Page MenuHomeFreeBSD

libcasper/libnv: various error handling changes
Needs ReviewPublic

Authored by kevans on Thu, Aug 8, 9:27 PM.

Details

Reviewers
markj
oshogbo
Summary

casper(3):
If nvlout is an error state before we attempt to send it, rebuild with just the final error to be passed back. This can happen for various reasons, but most of them seem to be either EMFILE/ENFILE/ENOMEM issues that would naturally clear up by creating a more minimal nvlist with a single nvpair. Regardless, we must try- libnv will not send out an nvlist that's in an error state.

cap_fileargs(3):
Attempt to handle EMFILE/ENFILE style errors in fileargs_add_cache. In one error case, the nvlist_add_nvlist(nvlout, fname, new) was setting EMFILE on nvlout and causing the send to later fail.

libnv(3):
recvmsg can kick back EMSGSIZE if the SCM_RIGHTS transfer can't happen due to EMFILE/ENFILE. Drain the recv buf if we've hit EMSGSIZE so that subsequent transfers can work as expected, rather than the current domino effect.

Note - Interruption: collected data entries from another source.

Lemma embedding_V_collinear n (f : {ffun 'I_n + 'I_q -> P}) :
  1 < n -> 1 < q -> q <= n.+1 -> Kbip_embedding f -> exists l, forall j, inc (f (inr j)) l.
Proof.
move=> n_gt1 q_gt1 q_le femb; have [finj no_UVV _] := femb.
have [m [Um V_off_m]] := embedding_U_collinear n_gt1 femb.
pose j0 : 'I_q := Ordinal (ltnW q_gt1); pose j1 : 'I_q := Ordinal q_gt1.
pose W := pts m :\: side f true.
have card_W : #|W| <= 2.
  have Um' : side f true \subset pts m.
    by rewrite side_trueE; apply/subsetP => p /imsetP[i _ ->]; rewrite inE.
  rewrite cardsD (setIidPr Um') card_pts card_side //; lia.
have W_m X : X \in W -> inc X m by rewrite !inE => /andP[_].
have meet j j' : j != j' ->
    exists k X, [/\ inc (f (inr j)) k, inc (f (inr j')) k, inc X k & X \in W].
  move=> ne; have [k /andP[h1 h2]] := exists_line (f (inr j)) (f (inr j')).
  have km : k != m by apply: contraNneq (V_off_m j) => <-.
  have [X /andP[Xk Xm]] := exists_point km.
  exists k, X; split => //; rewrite /W side_trueE !inE Xm andbT.
  by apply/imsetP => -[i _ eX]; rewrite eX in Xk; apply: (no_UVV i j j' k ne Xk h1 h2).
have j01 : j0 != j1 by [].
have [l [X0 [v0l v1l X0l W0]]] := meet j0 j1 j01.
exists l => j; apply/negPn/negP => vj_off_l.
have ne0 : j != j0 by apply: contraNneq vj_off_l => ->.
have ne1 : j != j1 by apply: contraNneq vj_off_l => ->.
have [k1 [X1 [vk1 v0k1 X1k1 W1]]] := meet j j0 ne0.
have [k2 [X2 [vk2 v1k2 X2k2 W2]]] := meet j j1 ne1.
have V_off_W j' X : X \in W -> f (inr j') != X.
  by move/W_m => Xm; apply: contraNneq (V_off_m j') => ->.
have X10 : X1 != X0.
  apply: contraNneq vj_off_l => e; rewrite e in X1k1.
  by rewrite (line_unique (V_off_W j0 X0 W0) v0k1 X1k1 v0l X0l) in vk1.
have X20 : X2 != X0.
  apply: contraNneq vj_off_l => e; rewrite e in X2k2.
  by rewrite (line_unique (V_off_W j1 X0 W0) v1k2 X2k2 v1l X0l) in vk2.
have X12 : X1 = X2.
  apply/eqP; apply: contraTT card_W => ne12; rewrite -ltnNge.
  have sub : X0 |: [set X1; X2] \subset W by apply/subsetP => x /setU1P[->|/set2P[]->].
  apply: leq_trans (subset_leq_card sub).
  by rewrite cardsU1 cards2 !inE ne12 !(eq_sym X0) (negbTE X10) (negbTE X20).
rewrite -X12 in X2k2.
rewrite -(line_unique (V_off_W j X1 W1) vk1 X1k1 vk2 X2k2) in v1k2.
have v01 : f (inr j0) != f (inr j1) by rewrite (inj_eq finj).
by rewrite (line_unique v01 v0k1 v1k2 v0l v1l) in vk1; rewrite vk1 in vj_off_l.
Qed.

Lemma placement_embedding n k (f : {ffun 'I_n + 'I_k -> P}) l m :
  injective f -> side f true \subset pts m :\: pts l ->
  side f false \subset pts l :\: pts m -> Kbip_embedding f.
Proof.
rewrite side_trueE side_falseE => finj /subsetP U_ml /subsetP V_lm.
have hu i : ~~ inc (f (inl i)) l && inc (f (inl i)) m.
  by have := U_ml _ (imset_f _ (isT : i \in 'I_n)); rewrite !inE.
have hv j : ~~ inc (f (inr j)) m && inc (f (inr j)) l.
  by have := V_lm _ (imset_f _ (isT : j \in 'I_k)); rewrite !inE.
split=> // [i j j' k' ne hu' hv1 hv2 | i i' j k' ne hu1 hu2 hv'].
  have fjj' : f (inr j) != f (inr j').
    by rewrite (inj_eq finj); apply: contraNneq ne => -[->].
  have /andP[_ vl] := hv j; have /andP[_ vl'] := hv j'.
  rewrite (line_unique fjj' hv1 hv2 vl vl') in hu'.
  by case/andP: (hu i) => /negP.
have fii' : f (inl i) != f (inl i').
  by rewrite (inj_eq finj); apply: contraNneq ne => -[->].
have /andP[_ um] := hu i; have /andP[_ um'] := hu i'.
rewrite (line_unique fii' hu1 hu2 um um') in hv'.
by case/andP: (hv j) => /negP.
Qed.

(* [(l, m, A)] stands for the embeddings mapping U onto [A] and V onto [pts l :\: pts m]. *)
Definition placements n := [set x : L * L * {set P} |
  [&& x.1.1 != x.1.2, x.2 \subset pts x.1.2 :\: pts x.1.1 & #|x.2| == n]].

Definition placement_sides (x : L * L * {set P}) := [set x.2; pts x.1.1 :\: pts x.1.2].

Lemma card_placements n : #|placements n| = #|L| * #|L|.-1 * 'C(q, n).
Proof.
rewrite -sum_pred_card sum_pair.
transitivity (\sum_(lm : L * L) (lm.1 != lm.2) * 'C(q, n)).
  apply: eq_bigr => -[l m] _ /=.
  case: (eqVneq l m) => [->|lm] /=; first by rewrite big1.
  by rewrite mul1n sum_pred_card cards_draws card_ptsD.
rewrite -big_distrl sum_pair /=; congr (_ * _).
transitivity (\sum_(l : L) #|L|.-1).
  apply: eq_bigr => l _; rewrite sum_pred_card -(cardsC1 l).
  by apply: eq_card => m; rewrite !inE eq_sym.
by rewrite sum_nat_const mulnC.
Qed.

Definition V_collinear n := forall f : {ffun 'I_n + 'I_q -> P},
  f \in embeddings inc (Kbip n q) -> exists l, forall v, inc (f (inr v)) l.

Lemma sides_embeddings n : 1 < n -> 1 < q ->
  V_collinear n ->
  [set sides f | f in embeddings inc (Kbip n q)] = placement_sides @: placements n.
Proof.
move=> n_gt1 q_gt1 colV.
apply/setP => S; apply/imsetP/imsetP => [[f fE ->]|[[[l m] A] + ->]].
  have [l Vl] := colV f fE; have /embeddingP femb := fE; have [finj _ _] := femb.
  have [m [lm eV eU]] := embedding_placement n_gt1 q_gt1 femb Vl.
  exists (l, m, side f true); last by rewrite /sides /placement_sides eV.
  by rewrite /placements inE /= lm eU card_side /=.
rewrite /placements inE /= => /and3P[lm Aml /eqP cardA].
have disj : [disjoint A & pts l :\: pts m].
  by move: Aml; rewrite subsetD => /andP[_]; apply: disjointWr; apply: subsetDl.
have ml : m != l by rewrite eq_sym.
have [f [finj eU eV]] := exists_sides cardA (card_ptsD ml) disj.
exists f; last by rewrite /sides eU eV.
by apply/embeddingP; apply: (placement_embedding (l := l) (m := m) finj); rewrite ?eU ?eV.
Qed.

Lemma n_pi_Kbip_placements n : 1 < n -> 1 < q ->
  V_collinear n ->
  n_pi inc (Kbip n q) = #|placement_sides @: placements n|.
Proof.
move=> n_gt1 q_gt1 colV; rewrite -sides_embeddings //.
by apply: card_orbits => f; rewrite inE => /andP[/injectiveP].
Qed.

Lemma setD_line_eq l m l' m' : 1 < q -> l != m ->
  pts l :\: pts m = pts l' :\: pts m' -> l = l'.
Proof.
move=> q_gt1 lm e; apply: (line_eq_of_subset (A := pts l :\: pts m)).
- by rewrite card_ptsD // eq_sym.
- exact: subsetDl.
- by rewrite e subsetDl.
Qed.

I'm not sure any of it's the most correct; the libnv(3) change could/should probably only drain enough bytes to hold the cmsg that can't happen (nfds * CMSG_SPACE(sizeof(int)) + sizeof(struct msghdr).

Diff Detail

Repository
rS FreeBSD src repository
Lint
Lint Skipped
Unit
Unit Tests Skipped
Build Status
Buildable 25760

Event Timeline

kevans created this revision.Thu, Aug 8, 9:27 PM
kevans added a comment.Thu, Aug 8, 9:37 PM

the libnv(3) change could/should probably only drain enough bytes to hold the cmsg that can't happen (nfds * CMSG_SPACE(sizeof(int)) + sizeof(struct msghdr).

I say that, but the subsequent buf_drain only ever reads one byte from the socket after the resulting EMSGSIZE.

kevans updated this revision to Diff 60605.Fri, Aug 9, 12:20 AM

Plugs a potential nvlist/fd leak in fileargs_add_cache. The fd is moved into new if it succeeds, and new is cloned into nvlout with the fd dup'd. Destroy new after nvlist_add whether it failed or not to plug it.

Leaving buf_drain alone for now -- it seems like we might periodically have more than one message queued that needs to be flushed, but it's not immediately clear to me. libnv has a somewhat rigid protocol to follow with this socket, so the current approach should generally be safe.